Final answer:
In the reaction BF3 + NaF → NaBF4, the hybridization of boron changes from sp2 to sp3. In ethene reacting with H2 to form CH2Br-CH2Br, carbon atoms change from sp2 to sp3 hybridization. Other reactions mentioned are not relevant to the specific inquiry about hybridization changes.
Step-by-step explanation:
In the reaction BF3 + NaF → NaBF4, the hybridization of boron in BF3 is sp2 before the reaction, due to its three bonded fluorine atoms and no lone pairs, resulting in a trigonal planar shape. When boron accepts an additional fluoride ion to form NaBF4, the hybridization of boron changes to sp3 to accommodate the additional bond and lone pairs, resulting in a tetrahedral shape.

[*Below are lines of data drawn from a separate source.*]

Lemma trapezoid_remainder P Q p2 p3 :
  deriv_on01 P Q -> deriv_on01 Q p2 -> deriv_on01 p2 p3 -> cont_on01 p3 ->
  forall pr : Riemann_integrable (fun s => s * (1 - s) * p3 s) 0 1,
  P 1 - P 0 = / 2 * (Q 0 + Q 1) - / 2 * RiemannInt pr.
Proof.
  intros hP hQ h2 h3 pr.
  (* Taylor extensions turn P, Q, p2 into a derivative chain on all of R. *)
  set (zero := fun _ : R => 0).
  set (E0 := taylor_ext P Q p2 p3).
  set (E1 := taylor_ext Q p2 p3 zero).
  set (E2 := taylor_ext p2 p3 zero zero).
  (* The p2- and Q-terms cancel in G', leaving s (1 - s) p3. *)
  set (G := fun s => s * (1 - s) * E2 s - (1 - 2 * s) * E1 s - 2 * E0 s).
  set (g := fun s => s * (1 - s) * p3 (clamp s)).
  assert (D0 : forall x, is_derive E0 x (E1 x))
    by (intro; apply is_derive_Reals, taylor_ext_deriv, hP).
  assert (D1 : forall x, is_derive E1 x (E2 x))
    by (intro; apply is_derive_Reals, taylor_ext_deriv, hQ).
  assert (D2 : forall x, is_derive E2 x (p3 (clamp x))).
  { intro x; rewrite <- taylor_ext_flat; apply is_derive_Reals, taylor_ext_deriv, h2. }
  assert (DG : forall x, is_derive G x (g x)).
  { intro x; unfold G, g; auto_derive.
    - repeat split; eexists; eauto.
    - replace (Derive (fun t => E0 t) x) with (E1 x) by (symmetry; now apply is_derive_unique).
      replace (Derive (fun t => E1 t) x) with (E2 x) by (symmetry; now apply is_derive_unique).
      replace (Derive (fun t => E2 t) x) with (p3 (clamp x))
        by (symmetry; now apply is_derive_unique).
      ring. }
  assert (Cg : forall x, continuous g x).
  { intro x; apply continuity_pt_filterlim.
    apply (continuity_pt_mult (fun s => s * (1 - s)) (fun s => p3 (clamp s))).
    - reg.
    - now apply clamp_continuous. }
  assert (FTC : RInt g 0 1 = G 1 - G 0).
  { apply is_RInt_unique, (is_RInt_derive G g); intros; [apply DG|apply Cg]. }
  (* On (0,1) the integrand g coincides with s (1 - s) p3 s. *)
  rewrite <- (RInt_Reals _ _ _ pr), (RInt_ext _ g), FTC.
  - unfold G, E0, E1, E2; rewrite !taylor_ext_01 by lra; field.
  - intros x Hx; rewrite Rmin_left, Rmax_right in Hx by lra.
    unfold g, clamp; rewrite Rmin_right, Rmax_right by lra; easy.
Qed.

Section VectorSpace.
Context {V : HilbertSpace}.

Lemma vadd_0r (x : V) : vadd x vzero = x.
Proof. rewrite vadd_comm; apply vadd_0l. Qed.

Lemma vscal_0 (x : V) : vscal 0 x = vzero.
Proof.
  assert (Hdup : vadd (vscal 0 x) (vscal 0 x) = vscal 0 x)
    by (rewrite <- vscal_addl; f_equal; ring).
  assert (Hcancel : vadd (vadd (vscal 0 x) (vscal 0 x)) (vopp (vscal 0 x)) = vzero)
    by (rewrite Hdup; apply vadd_oppr).
  now rewrite <- vadd_assoc, vadd_oppr, vadd_0r in Hcancel.
Qed.

Lemma segment_at0 (x y : V) : vadd x (vscal 0 (vsub y x)) = x.
Proof. now rewrite vscal_0, vadd_0r. Qed.

Lemma segment_at1 (x y : V) : vadd x (vscal 1 (vsub y x)) = y.
Proof.
  unfold vsub; rewrite vscal_1, (vadd_comm _ y), vadd_assoc, vadd_oppr; apply vadd_0l.
Qed.

Lemma lin_sub (g : V -> R) : is_linear g -> forall x y, g (vsub x y) = g x - g y.
Proof.
  intros [Hadd _] x y.
  assert (Hzero : g vzero = 0)
    by (pose proof (Hadd vzero vzero) as H; rewrite vadd_0l in H; lra).
  pose proof (Hadd y (vopp y)) as Hopp; rewrite vadd_oppr, Hzero in Hopp.
  unfold vsub; rewrite Hadd; lra.
Qed.

End VectorSpace.

Section Residuals.
Context {V : HilbertSpace}.
Variables (a ad : V -> V -> R) (a' ad' : V -> V -> V -> R)
          (f j : V -> R) (j' : V -> V -> R).

Lemma Lfun_at_state (u z : V) :
  (forall v, a u v + ad u v = f v) -> Lfun j f a ad u z = j u.
Proof. intros hu; unfold Lfun; specialize (hu z); lra. Qed.

Lemma Lprime_at_stationary (u z w v : V) :
  (forall v, a u v + ad u v = f v) -> (forall w, a' u w z + ad' u w z = j' u w) ->
  Lprime j' f a ad a' ad' u z w v = 0.
Proof. intros hu hz; unfold Lprime; specialize (hu v); specialize (hz w); lra. Qed.

Lemma Lprime_residuals (uh zh w v : V) :
  Lprime j' f a ad a' ad' uh zh w v =
    rhostar j' a' uh zh w + rho f a uh v - (ad uh v + ad' uh w zh).
Proof. unfold Lprime, rho, rhostar; ring. Qed.

Lemma rho_sub (uh x y : V) : is_linear f -> is_linear (a uh) ->
  rho f a uh (vsub x y) = rho f a uh x - rho f a uh y.
Proof. intros hf ha; unfold rho; rewrite (lin_sub f hf), (lin_sub _ ha); ring. Qed.

Lemma rhostar_sub (uh zh x y : V) :
  is_linear (j' uh) -> is_linear (fun w => a' uh w zh) ->
  rhostar j' a' uh zh (vsub x y) = rhostar j' a' uh zh x - rhostar j' a' uh zh y.
Proof.
  intros hj ha; unfold rhostar.
  rewrite (lin_sub _ hj), (lin_sub (fun w => a' uh w zh) ha); ring.
Qed.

As for the reaction starting with ethene (CH2=CH2) and resulting in CH2Br-CH2Br, the hybridization of carbon atoms in ethene is initially sp2 due to the double bond (one σ bond and one π bond). After the addition of H2, the resulting dibromomethane has carbon atoms that are sp3 hybridized, with four σ bonds and no π bonds, again leading to a tetrahedral geometry.
The SO3 molecule in the reaction S2 + 1/2O2 → SO3 does not pertain to the question asked, as it is not related to a change in hybridization. The same applies to the examples provided in the typos such as CS2 + SH → HCS3- or F + SO3 → SFO3. These do not directly answer the question regarding the hybridization change for the underlined atom in the specified equations. It is important to stick to the original question for accurate and relevant answers.